[Excerpts from a dataset]
Lemma right_nondecreasing_le (G : R -> R) (a b : R) : a <= b ->
  (forall y, a < y -> y <= b -> forall e : R, 0 < e -> exists2 del : R, 0 < del &
     forall x, a <= x -> x <= y -> y - x < del -> `|G y - G x| < e) ->
  (forall s, a <= s -> s < b -> exists2 eta : R, 0 < eta &
     forall y, s <= y -> y <= b -> y - s < eta -> G s <= G y) ->
  G a <= G b.
Proof.
move=> ab G_lcont G_rincr.
pose S := [set y | a <= y <= b /\ forall w, a <= w <= y -> G a <= G w].
have Sa : S a by split=> [|w]; [rewrite lexx ab | rewrite -eq_le => /eqP <-].
have hS : has_sup S by split; [exists a | exists b => y [/andP[_ ->]]].
set y := sup S.
have ay : a <= y by exact: sup_upper_bound.
have yb : y <= b by apply: ge_sup => [|z [/andP[_ ->]]]; first exists a.
have Sy : S y.
  split=> [|w /andP[aw]]; first by rewrite ay yb.
  rewrite le_eqVlt => /orP[/eqP ->|wy]; last first.
    have [z [_ Gz] yz] := sup_adherent (ltac:(by rewrite subr_gt0) : 0 < y - w) hS.
    by apply: Gz; rewrite aw /=; rewrite -/y in yz; lra.
  have [ya|ay'] := leP y a; first by have <- : a = y by apply/le_anti; rewrite ay ya.
  apply/ler_addgt0Pr => e e0.
  have [del del0 Gy] := G_lcont y ay' yb e e0.
  have [z Sz yz] := sup_adherent del0 hS.
  have zy : z <= y := sup_upper_bound hS Sz.
  have [/andP[az _] Gz] := Sz.
  rewrite -/y in yz.
  have := Gz z; rewrite az lexx => /(_ isT) Gaz.
  have := Gy z az zy ltac:(lra); rewrite ltr_norml => /andP[+ _]; lra.
have [by_|yb'] := leP b y.
  have <- : y = b by apply/le_anti; rewrite yb by_.
  by case: Sy => _; apply; rewrite ay lexx.
have [eta eta0 Gy] := G_rincr y ay yb'.
pose m := Num.min eta (b - y).
have m0 : 0 < m by rewrite lt_min eta0 subr_gt0.
have [meta mby] : m <= eta /\ m <= b - y by split; rewrite ge_min lexx ?orbT.
have : S (y + m / 2).
  split=> [|w /andP[aw wy']]; first by apply/andP; split; lra.
  have [wy|yw] := leP w y; first by case: Sy => _; apply; rewrite aw wy.
  case: Sy => _ /(_ y); rewrite ay lexx => /(_ isT) Gay.
  by apply: le_trans Gay (Gy w _ _ _); lra.
move=> /(sup_upper_bound hS); rewrite -/y; lra.
Qed.

End RightNondecreasing.

Section PositivePart.
Context {R : realType}.
Local Notation mu := (@lebesgue_measure R).

Lemma integral_itv_abs_small (T : R) (g : R -> R) :
  mu.-integrable `[0, T] (EFin \o g) ->
  forall e : R, 0 < e -> exists2 del : R, 0 < del &
    forall x y, 0 <= x -> x <= y -> y <= T -> y - x < del ->
      \int[mu]_(s in `]x, y]) `|g s| < e.
Proof.
move=> ig e e0.
have igT : mu.-integrable setT (EFin \o (g \_ `[0, T])).
  by rewrite -restrict_EFin; apply/integrable_restrict => //=; rewrite setTI.
have [del [del0 small]] := integral_normr_continuous igT e0.
exists del => // x y x0 xy yT yx.
have mxy : (mu `]x, y]%classic < del%:E)%E.
  by rewrite lebesgue_measure_itv /= lte_fin; case: ifPn => // _; rewrite -EFinD lte_fin.
have := small _ (measurable_itv `]x, y]) mxy.
congr (_ < _); apply: eq_Rintegral => s; rewrite inE /= in_itv /= => /andP[xs sy].
by rewrite patchE ifT // inE /= in_itv /= (le_trans x0 (ltW xs)) (le_trans sy yT).
Qed.

Lemma Rintegral_itv_split (T : R) (g : R -> R) x y :
  mu.-integrable `[0, T] (EFin \o g) -> 0 <= x -> x <= y -> y <= T ->
  \int[mu]_(s in `[0, y]) g s =
  \int[mu]_(s in `[0, x]) g s + \int[mu]_(s in `]x, y]) g s.
Proof.
move=> ig x0 xy yT.
have igy : mu.-integrable `[0, y] (EFin \o g).
  by apply: integrableS ig => //; apply: subset_itvl; rewrite bnd_simp.
have := @Rintegral_itvB R g (BLeft 0) (BRight y) x igy.
by rewrite !bnd_simp => /(_ x0 xy) <-; rewrite addrC subrK.
Qed.

Lemma integrable_itv_oc (T : R) (g : R -> R) x y :
  mu.-integrable `[0, T] (EFin \o g) -> 0 <= x -> y <= T ->
  mu.-integrable `]x, y] (EFin \o g).
Proof.
move=> ig x0 yT; apply: integrableS ig => //.
by apply: subset_itvScc; rewrite bnd_simp.
Qed.

Lemma dist_maxr0_le (a b : R) : `|Num.max a 0 - Num.max b 0| <= `|a - b|.
Proof.
have h1 := ler_norm (a - b).
have h2 : b - a <= `|a - b| by rewrite distrC ler_norm.
by case: (leP a 0) => ha; case: (leP b 0) => hb; rewrite ler_norml; apply/andP; split; lra.
Qed.

Variables (T D0 : R) (d D : R -> R).
Hypotheses (T_ge0 : 0 <= T) (d_int : mu.-integrable `[0, T] (EFin \o d))
  (DE : forall t, 0 <= t -> t <= T -> D t = D0 + \int[mu]_(s in `[0, t]) d s).

Lemma primitiveB x y : 0 <= x -> x <= y -> y <= T ->
  D y - D x = \int[mu]_(s in `]x, y]) d s.
Proof.
move=> x0 xy yT.
rewrite DE ?(le_trans x0 xy) // DE ?(le_trans xy yT) //.
rewrite (Rintegral_itv_split d_int x0 xy yT); lra.
Qed.

Lemma primitive_cont s (e : R) : 0 <= s -> s <= T -> 0 < e ->
  exists2 del : R, 0 < del &
    forall w, 0 <= w -> w <= T -> `|w - s| < del -> `|D w - D s| < e.
Proof.
move=> s0 sT e0; have [del del0 small] := integral_itv_abs_small d_int e0.
have near x y : 0 <= x -> x <= y -> y <= T -> y - x < del -> `|D y - D x| < e.
  move=> x0 xy yT yx; rewrite primitiveB //.
  apply: le_lt_trans (small x y x0 xy yT yx).
  by apply: le_normr_Rintegral => //; exact: integrable_itv_oc d_int x0 yT.
exists del => // w w0 wT; have [ws|sw] := leP w s.
  by rewrite distrC ger0_norm ?subr_ge0 // distrC; exact: near.
by rewrite ger0_norm ?subr_ge0 ?ltW //; apply: near => //; exact: ltW.
Qed.

Lemma measurable_primitive : measurable_fun `[0, T] D.
Proof.
have mint : measurable_fun `[0, T] (fun x => parameterized_integral mu 0 x d).
  exact: (subspace_continuous_measurable_fun (measurable_itv _)
            (parameterized_integral_continuous T_ge0 d_int)).
apply: (eq_measurable_fun (fun x => D0 + parameterized_integral mu 0 x d)).
  by move=> x; rewrite inE /= in_itv /= => /andP[x0 xT]; rewrite DE.
by apply: measurable_funD => //; exact: measurable_cst.
Qed.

## EXERCISE AIM
Only the lines above starting at the line that holds "Lemma measurable_primitive : measurable_fun" and ending at the line that holds "exact: (subspace_continuous_measurable_fun (measurable_itv" are to be repeated, exactly and in full.

## RESPONSE FOR THIS EXERCISE
Lemma measurable_primitive : measurable_fun `[0, T] D.
Proof.
have mint : measurable_fun `[0, T] (fun x => parameterized_integral mu 0 x d).
  exact: (subspace_continuous_measurable_fun (measurable_itv _)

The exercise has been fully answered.